The smoothness property follows from the fact that $t^{x-1}e^{-t}$ is smooth over $(x,t)\in \left[0,\infty\right) \times \left[1,\infty\right)$. Then an application of Leibniz theorem gives that \begin{align*} \frac{d^n}{dx^n}\int_1^\infty t^{x-1}e^{-t}dt &= \int_1^\infty \frac{d^n}{dz^n} t^{x-1}e^{-t}dt \\ &= \int_1^\infty \ln(t)^n t^{x-1}e^{-t}dt \end{align*}
now since the integrand is positive for $x>0$ and $1<t<\infty$, the integral must also be positive. Thus $\int_1^\infty t^{x-1}e^{-t}dt$ is smooth and has positive derivatives for all $x>0$ and so $\int_1^\infty t^{x-1}e^{-t}dt$ is analytic over $x>0$. Thus $\Gamma(x)$ is analytic over $x>0$. $\blacksquare$
So it remains to show that the infinite sum defines an analytic function (does the infinite sum of analytic functions converge to an analytic function?) and it would be nice to be less handwavy with the smoothness property.

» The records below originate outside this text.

(* Let $\Theta_{\mathrm{Sym}(V)}:\mathrm{Sym}(V)\to\mathrm{Sym}(V)$ be the linear map with $\Theta_{\mathrm{Sym}(V)}(\overline{v_\alpha})=2^{\ell(\alpha)}\overline{v_\alpha}$ if $v_\alpha$ is odd and $0$ otherwise. Then $\Theta_{\mathrm{Sym}(V)}$ is a graded Hopf algebra morphism with image in $\mathrm{Sym}(\mathrm{O}(V))$, and $\Phi_{\mathrm{Sym}(V)}\circ\Theta_{\mathrm{Sym}(V)}=\Theta_{\mathrm{Sym}}\circ\Phi_{\mathrm{Sym}(V)}$. Thus $\Theta_{\mathrm{Sym}(V)}$ is a theta map for $(\mathrm{Sym}(V),\zeta_{\mathrm{Sym}(V)})$.
   Context: $V$ is a graded vector space with fixed homogeneous basis $\{v_1,v_2,\dots\}$, positive degrees, finitely many of each degree. For a composition $\alpha=(\alpha_1,\dots,\alpha_\ell)$ ($\ell(\alpha)=\ell$), $v_\alpha=v_{\alpha_1}\cdots v_{\alpha_\ell}$ in the tensor algebra $\mathrm{T}(V)$ (concatenation product, $v_i$ primitive). $\mathrm{Sym}(V)=\mathrm{T}(V)/I(V)$ where $I(V)$ is the ideal generated by all $v_iv_j-v_jv_i$; $\overline{v_\alpha}$ is the class of $v_\alpha$, $\deg(\overline{v_\alpha})=\sum\deg(v_{\alpha_i})$. $v_\alpha$ is odd if every $\deg(v_{\alpha_i})$ is odd; $\mathrm{Sym}(\mathrm{O}(V))$ is the span of $\overline{v_\alpha}$ with $v_\alpha$ odd. $\mathrm{Sym}$ is the Hopf algebra of symmetric functions with scaled power sums $p_n=\frac1n\sum_i x_i^n$ (primitive, freely generating). $\Phi_{\mathrm{Sym}(V)}:\mathrm{Sym}(V)\to\mathrm{Sym}$ is the algebra morphism $\overline{v_i}\mapsto p_{\deg(v_i)}$; $\zeta_{\mathrm{Sym}(V)}$ is the character $\overline{v_i}\mapsto 1/\deg(v_i)$. $\zeta_{\mathrm{Sym}}(f)=f(1,0,0,\dots)$. $\Theta_{\mathrm{Sym}}$ is the unique graded Hopf morphism $\mathrm{Sym}\to\mathrm{Sym}$ with $\zeta_{\mathrm{Sym}}\circ\Theta_{\mathrm{Sym}}=\overline{\zeta_{\mathrm{Sym}}^{-1}}\zeta_{\mathrm{Sym}}$ (convolution $\zeta\zeta'=m\circ(\zeta\otimes\zeta')\circ\Delta$, $\zeta^{-1}=\zeta\circ\mathcal{S}$, $\bar\zeta=(-1)^n\zeta$ in degree $n$); equivalently the algebra morphism with $\Theta_{\mathrm{Sym}}(p_n)=2p_n$ for $n$ odd and $0$ for $n$ even. A theta map here means a graded Hopf morphism $\Theta$ of $\mathrm{Sym}(V)$ with $\Phi_{\mathrm{Sym}(V)}\circ\Theta=\Theta_{\mathrm{Sym}}\circ\Phi_{\mathrm{Sym}(V)}$. *)

From HB Require Import structures.
From mathcomp Require Import all_boot all_order all_algebra.
From mathcomp Require Import finmap.
From mathcomp.multinomials Require Import monalg.

Set Implicit Arguments.
Unset Strict Implicit.
Unset Printing Implicit Defensive.

Import GRing.Theory.
Local Open Scope fset_scope.
Local Open Scope ring_scope.

(* Product of two monomial monoids (basis of a tensor product of two   *)
(* monoid algebras: F[M1] (x) F[M2] = F[M1 x M2]).                      *)
Section MPair.
Variables (M1 M2 : conomType).
Definition mpair := (M1 * M2)%type.
HB.instance Definition _ := Choice.on mpair.

Definition mpair_one : mpair := (mone, mone).
Definition mpair_mul (x y : mpair) : mpair := (mmul x.1 y.1, mmul x.2 y.2).

Lemma mpair_mulA : associative mpair_mul.
Proof. by move=> [a b] [c d] [e f]; rewrite /mpair_mul /= !mulmA. Qed.
Lemma mpair_mul1m : left_id mpair_one mpair_mul.
Proof. by move=> [a b]; rewrite /mpair_mul /= !mul1m. Qed.
Lemma mpair_mulm1 : right_id mpair_one mpair_mul.
Proof. by move=> [a b]; rewrite /mpair_mul /= !mulm1. Qed.
Lemma mpair_unitm x y : mpair_mul x y = mpair_one -> x = mpair_one /\ y = mpair_one.
Proof.
case: x y => [a b] [c d] [] /unitm [-> ->] /unitm [-> ->]; by [].
Qed.
Lemma mpair_mulC : commutative mpair_mul.
Proof. by move=> [a b] [c d]; rewrite /mpair_mul /= (mulmC a) (mulmC b). Qed.

HB.instance Definition _ := Choice_isMonomialDef.Build mpair
  mpair_mulA mpair_mul1m mpair_mulm1 mpair_unitm.
HB.instance Definition _ := MonomialDef_isConomialDef.Build mpair mpair_mulC.
End MPair.

Section SymV.
Variable F : fieldType.

Definition polyalg (J : choiceType) := {malg F[{cmonom J}]}.

Definition gen (J : choiceType) (j : J) : polyalg J := << ucm j >>.

Definition extm (J : choiceType) (A : lalgType F) (x : J -> A)
    (g : polyalg J) : A :=
  \sum_(m <- msupp g) g@_m *: \prod_(j <- finsupp m) x j ^+ m j.

Variables (I : choiceType) (deg : I -> nat).

(* Sym(V): polynomial algebra on the basis v_i of V, v_i = gen i. *)
Definition SymV := polyalg I.

Definition SymV2 := {malg F[mpair {cmonom I} {cmonom I}]}.

Definition tens_l (a : SymV) : SymV2 :=
  \sum_(m <- msupp a) a@_m *: << (m, @onecm I) : mpair _ _ >>.
Definition tens_r (a : SymV) : SymV2 :=
  \sum_(m <- msupp a) a@_m *: << (@onecm I, m) : mpair _ _ >>.
Definition tens (a b : SymV) : SymV2 := tens_l a * tens_r b.

Definition tmap (f g : SymV -> SymV) (t : SymV2) : SymV2 :=
  \sum_(k <- msupp t) t@_k *: tens (f << k.1 >>) (g << k.2 >>).

Definition coprod : SymV -> SymV2 :=
  extm (fun i => tens (gen i) 1 + tens 1 (gen i)).
Definition counit (a : SymV) : F := a@_(@onecm I).
Definition antipode : SymV -> SymV := extm (fun i => - gen i).

Definition hopf_morph (T : SymV -> SymV) : Prop :=
  [/\ (forall (c : F) (a b : SymV), T (c *: a + b) = c *: T a + T b),
      T 1 = 1 &
      (forall a b : SymV, T (a * b) = T a * T b)] /\
  [/\ (forall a : SymV, coprod (T a) = tmap T T (coprod a)),
      (forall a : SymV, counit (T a) = counit a) &
      (forall a : SymV, antipode (T a) = T (antipode a))].

Definition wdeg (m : {cmonom I}) : nat :=
  (\sum_(i <- finsupp m) m i * deg i)%N.
Definition homog (n : nat) (a : SymV) : Prop :=
  forall m, m \in msupp a -> wdeg m = n.
Definition graded (T : SymV -> SymV) : Prop :=
  forall n a, homog n a -> homog n (T a).

(* v_alpha odd: every letter has odd degree; l(alpha) = mdeg m *)
Definition odd_monom (m : {cmonom I}) : bool :=
  all (fun i => odd (deg i)) (finsupp m).
Definition in_SymO (a : SymV) : Prop :=
  forall m, m \in msupp a -> odd_monom m.

Definition ThetaSymV (a : SymV) : SymV :=
  \sum_(m <- msupp a)
    a@_m *: (if odd_monom m then (2%:R ^+ mdeg m) *: << m >> else 0).

(* Sym = F[p_1, p_2, ...]; the variable k : nat stands for p_(k+1). *)
Definition Sym := polyalg nat.
Definition pn (n : nat) : Sym := gen n.-1.

Definition PhiSymV : SymV -> Sym := extm (fun i => pn (deg i)).

Definition ThetaSym : Sym -> Sym :=
  extm (fun k : nat => if odd k.+1 then 2%:R *: pn k.+1 else 0).

Definition is_theta_map (T : SymV -> SymV) : Prop :=
  [/\ hopf_morph T, graded T &
      forall a, PhiSymV (T a) = ThetaSym (PhiSymV a)].
End SymV.

From HB Require Import structures.
From mathcomp Require Import all_boot all_order all_algebra.
From mathcomp Require Import finmap.
From mathcomp.multinomials Require Import monalg.

(* All maps in sight are algebra morphisms out of polynomial algebras F[x_j],
   obtained by extending linearly a multiplicative function on monomials, and
   such morphisms agree as soon as they agree on the generators.  Theta is of
   this form, since the weight of v_alpha (2^l(alpha) if v_alpha is odd, 0
   otherwise) is multiplicative, and Theta(v_i) is a multiple of v_i.  As the
   v_i are primitive, an algebra endomorphism rescaling every generator
   commutes with the coproduct and the antipode.  The coefficient of v_alpha
   in Theta(a) is that of a times the weight of v_alpha, which gives the
   counit, the grading and the image in Sym(O(V)).  Finally Phi o Theta and
   Theta_Sym o Phi agree on v_i because Theta_Sym(p_n) is 2 p_n or 0
   according to the parity of n = deg v_i > 0. *)

Set Implicit Arguments.
Unset Strict Implicit.
Unset Printing Implicit Defensive.

Import GRing.Theory.
Local Open Scope ring_scope.

Section MonoidAlgebra.
Variable F : fieldType.

Lemma monalgUZ (K : choiceType) (c : F) (k : K) :
  << c *g k >> = c *: << k >> :> {malg F[K]}.
Proof. by apply/malgP => k'; rewrite mcoeffZ !mcoeffU mulr_natr. Qed.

$$\Gamma(x)=\int^\infty_0 t^{x-1}e^{-t}\,dt=\int^1_0t^{x-1}e^{-t}\,dt+\int^\infty_1t^{x-1}e^{-t}\,dt $$
First the easy part: For any $x\in\mathbb{R}$, monotone convergence yields \begin{align} \int^\infty_1t^{x-1}e^{-t}\,dt&=\int^\infty_1\Big(\sum^\infty_{n=0}\frac{1}{n!}\log^n(t)x^n\Big)t^{-1}e^{-t}\,dt\\ &=\sum^\infty_{n=0}\frac{1}{n!}\Big(\int^\infty_1\log^n(t)\,t^{-1}e^{-t}\,dt\Big)x^n \end{align} Thus, $G_2(x)=\int^\infty_1t^{x-1}e^{-t}\,dt$ is analytic on $\mathbb{R}$.
Dominated convergence, yields for $x>0$ \begin{align} \int^1_0 t^{x-1}e^{-t}\,dt&=\int^1_0 t^{x-1}\Big(\sum^\infty_{n=0}\frac{(-t)^n}{n!}\Big)\,dt\\ &=\sum^\infty_{n=0}\frac{(-1)^n}{n!}\int^1_0 t^{x+n-1}\,dt\\ &=\sum^\infty_{n=0}\frac{(-1)^n}{n!}\frac{1}{x+n}\tag{1}\label{one} \end{align} It remains to show that $G_1(x)=\int^1_0 t^{x-1}e^{-t}\,dt$ is analytic on $(0,\infty)$, The idea is to split the sum in \eqref{one} as $\sum^N_{n=0} +\sum^\infty_{n=N+1}$ so that for all $y$ inside a given neighborhood $B(x;R)$, $y<n$ whenever $n>N$. I leave the details to the OP.